»»

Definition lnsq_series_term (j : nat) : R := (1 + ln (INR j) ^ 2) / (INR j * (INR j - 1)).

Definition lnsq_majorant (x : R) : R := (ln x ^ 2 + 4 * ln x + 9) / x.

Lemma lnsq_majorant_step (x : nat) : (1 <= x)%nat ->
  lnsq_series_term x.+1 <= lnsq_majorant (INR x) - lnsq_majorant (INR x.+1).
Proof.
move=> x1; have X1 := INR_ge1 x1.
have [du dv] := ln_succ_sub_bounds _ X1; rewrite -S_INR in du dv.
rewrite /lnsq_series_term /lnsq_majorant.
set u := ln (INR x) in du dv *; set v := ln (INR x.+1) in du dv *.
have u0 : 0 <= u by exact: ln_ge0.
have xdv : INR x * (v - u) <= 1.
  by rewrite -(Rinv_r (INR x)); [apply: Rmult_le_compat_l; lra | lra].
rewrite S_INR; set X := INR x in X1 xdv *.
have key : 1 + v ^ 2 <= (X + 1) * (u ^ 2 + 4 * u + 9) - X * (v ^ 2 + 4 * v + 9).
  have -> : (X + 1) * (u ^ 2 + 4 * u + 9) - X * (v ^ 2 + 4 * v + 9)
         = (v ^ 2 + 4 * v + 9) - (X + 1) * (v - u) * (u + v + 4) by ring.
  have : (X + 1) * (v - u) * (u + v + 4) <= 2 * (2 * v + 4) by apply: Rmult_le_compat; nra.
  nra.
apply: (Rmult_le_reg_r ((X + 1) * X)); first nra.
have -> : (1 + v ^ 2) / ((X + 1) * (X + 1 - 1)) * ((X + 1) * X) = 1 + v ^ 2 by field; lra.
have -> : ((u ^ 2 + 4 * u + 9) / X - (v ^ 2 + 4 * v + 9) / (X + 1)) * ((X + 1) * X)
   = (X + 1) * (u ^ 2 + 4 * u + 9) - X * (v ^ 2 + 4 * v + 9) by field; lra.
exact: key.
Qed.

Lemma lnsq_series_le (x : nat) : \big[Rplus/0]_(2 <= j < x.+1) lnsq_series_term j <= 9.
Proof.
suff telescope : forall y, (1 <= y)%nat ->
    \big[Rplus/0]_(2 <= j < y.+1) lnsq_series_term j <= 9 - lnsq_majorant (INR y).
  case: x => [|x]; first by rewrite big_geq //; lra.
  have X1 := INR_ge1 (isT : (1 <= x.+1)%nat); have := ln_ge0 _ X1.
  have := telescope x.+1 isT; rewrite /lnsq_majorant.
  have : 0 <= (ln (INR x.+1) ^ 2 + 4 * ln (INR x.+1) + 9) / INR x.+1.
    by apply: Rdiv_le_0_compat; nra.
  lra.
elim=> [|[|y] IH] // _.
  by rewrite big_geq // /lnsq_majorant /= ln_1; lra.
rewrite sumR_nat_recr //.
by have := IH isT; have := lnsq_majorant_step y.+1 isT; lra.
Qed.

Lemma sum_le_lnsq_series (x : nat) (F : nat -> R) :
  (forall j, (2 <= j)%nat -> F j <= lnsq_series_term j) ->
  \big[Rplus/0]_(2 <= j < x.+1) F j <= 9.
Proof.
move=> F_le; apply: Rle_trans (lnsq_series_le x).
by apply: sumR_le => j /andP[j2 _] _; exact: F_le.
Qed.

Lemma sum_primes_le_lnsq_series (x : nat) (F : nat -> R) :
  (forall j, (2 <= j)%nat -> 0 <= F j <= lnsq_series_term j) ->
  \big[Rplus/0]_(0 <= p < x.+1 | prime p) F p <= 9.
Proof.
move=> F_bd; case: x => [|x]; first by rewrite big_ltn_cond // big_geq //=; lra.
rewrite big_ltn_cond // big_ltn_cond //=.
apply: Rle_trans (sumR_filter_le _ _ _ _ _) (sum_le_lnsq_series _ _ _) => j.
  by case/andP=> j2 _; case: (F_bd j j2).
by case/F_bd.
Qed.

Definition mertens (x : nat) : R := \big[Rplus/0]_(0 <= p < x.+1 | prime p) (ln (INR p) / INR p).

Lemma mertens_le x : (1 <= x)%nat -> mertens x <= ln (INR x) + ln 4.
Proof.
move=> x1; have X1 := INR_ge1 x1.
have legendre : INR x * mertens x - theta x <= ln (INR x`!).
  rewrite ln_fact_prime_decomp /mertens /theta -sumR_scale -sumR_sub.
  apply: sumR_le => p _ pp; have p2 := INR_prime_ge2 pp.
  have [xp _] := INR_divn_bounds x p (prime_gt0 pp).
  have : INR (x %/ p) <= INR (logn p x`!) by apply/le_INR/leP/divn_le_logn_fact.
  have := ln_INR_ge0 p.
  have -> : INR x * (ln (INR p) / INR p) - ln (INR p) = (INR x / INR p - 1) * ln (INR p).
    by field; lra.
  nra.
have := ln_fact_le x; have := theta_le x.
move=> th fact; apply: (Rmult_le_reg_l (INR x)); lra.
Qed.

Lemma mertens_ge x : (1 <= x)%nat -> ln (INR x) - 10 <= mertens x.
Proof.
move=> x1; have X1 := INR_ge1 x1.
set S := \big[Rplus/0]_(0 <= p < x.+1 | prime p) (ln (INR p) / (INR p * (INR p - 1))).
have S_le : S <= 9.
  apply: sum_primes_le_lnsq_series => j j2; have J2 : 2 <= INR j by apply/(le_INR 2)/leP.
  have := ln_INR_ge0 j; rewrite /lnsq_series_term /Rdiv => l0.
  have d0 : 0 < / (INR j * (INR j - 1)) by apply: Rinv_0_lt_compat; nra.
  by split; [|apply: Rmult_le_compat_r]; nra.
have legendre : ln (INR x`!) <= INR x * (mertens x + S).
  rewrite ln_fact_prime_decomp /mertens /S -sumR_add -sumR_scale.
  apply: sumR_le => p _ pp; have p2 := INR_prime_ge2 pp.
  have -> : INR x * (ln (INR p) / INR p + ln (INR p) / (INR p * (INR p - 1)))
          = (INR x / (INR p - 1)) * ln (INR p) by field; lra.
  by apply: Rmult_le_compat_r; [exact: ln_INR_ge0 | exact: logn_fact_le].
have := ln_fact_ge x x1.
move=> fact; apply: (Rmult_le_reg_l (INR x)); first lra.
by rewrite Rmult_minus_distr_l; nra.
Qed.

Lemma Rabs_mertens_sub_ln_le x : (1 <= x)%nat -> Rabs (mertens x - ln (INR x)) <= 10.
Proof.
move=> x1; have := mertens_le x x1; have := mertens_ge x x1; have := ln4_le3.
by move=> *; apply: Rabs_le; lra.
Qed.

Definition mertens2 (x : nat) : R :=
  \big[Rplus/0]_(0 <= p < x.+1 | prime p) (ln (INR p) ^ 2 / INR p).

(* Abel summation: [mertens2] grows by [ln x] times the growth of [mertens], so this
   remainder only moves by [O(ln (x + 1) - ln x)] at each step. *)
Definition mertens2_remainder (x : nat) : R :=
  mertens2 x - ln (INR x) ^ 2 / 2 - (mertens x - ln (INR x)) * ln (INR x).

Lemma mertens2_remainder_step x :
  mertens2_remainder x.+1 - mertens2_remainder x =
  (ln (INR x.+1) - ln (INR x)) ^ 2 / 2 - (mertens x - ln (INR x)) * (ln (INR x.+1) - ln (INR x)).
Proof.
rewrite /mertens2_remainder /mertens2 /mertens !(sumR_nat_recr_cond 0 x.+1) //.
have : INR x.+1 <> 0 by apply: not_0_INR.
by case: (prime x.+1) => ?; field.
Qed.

««

• [Exercise prompt]
Nothing but the lines from the one containing "move=> x1; have := mertens_le" through the last line of the data above should be set down, word for word.

• [Answer box]
move=> x1; have := mertens_le x x1; have := mertens_ge x x1; have := ln4_le3.
by move=> *; apply: Rabs_le; lra.
Qed.

Definition mertens2 (x : nat) : R :=
  \big[Rplus/0]_(0 <= p < x.+1 | prime p) (ln (INR p) ^ 2 / INR p).

(* Abel summation: [mertens2] grows by [ln x] times the growth of [mertens], so this
   remainder only moves by [O(ln (x + 1) - ln x)] at each step. *)
Definition mertens2_remainder (x : nat) : R :=
  mertens2 x - ln (INR x) ^ 2 / 2 - (mertens x - ln (INR x)) * ln (INR x).

Lemma mertens2_remainder_step x :
  mertens2_remainder x.+1 - mertens2_remainder x =
  (ln (INR x.+1) - ln (INR x)) ^ 2 / 2 - (mertens x - ln (INR x)) * (ln (INR x.+1) - ln (INR x)).
Proof.
rewrite /mertens2_remainder /mertens2 /mertens !(sumR_nat_recr_cond 0 x.+1) //.
have : INR x.+1 <> 0 by apply: not_0_INR.
by case: (prime x.+1) => ?; field.
Qed.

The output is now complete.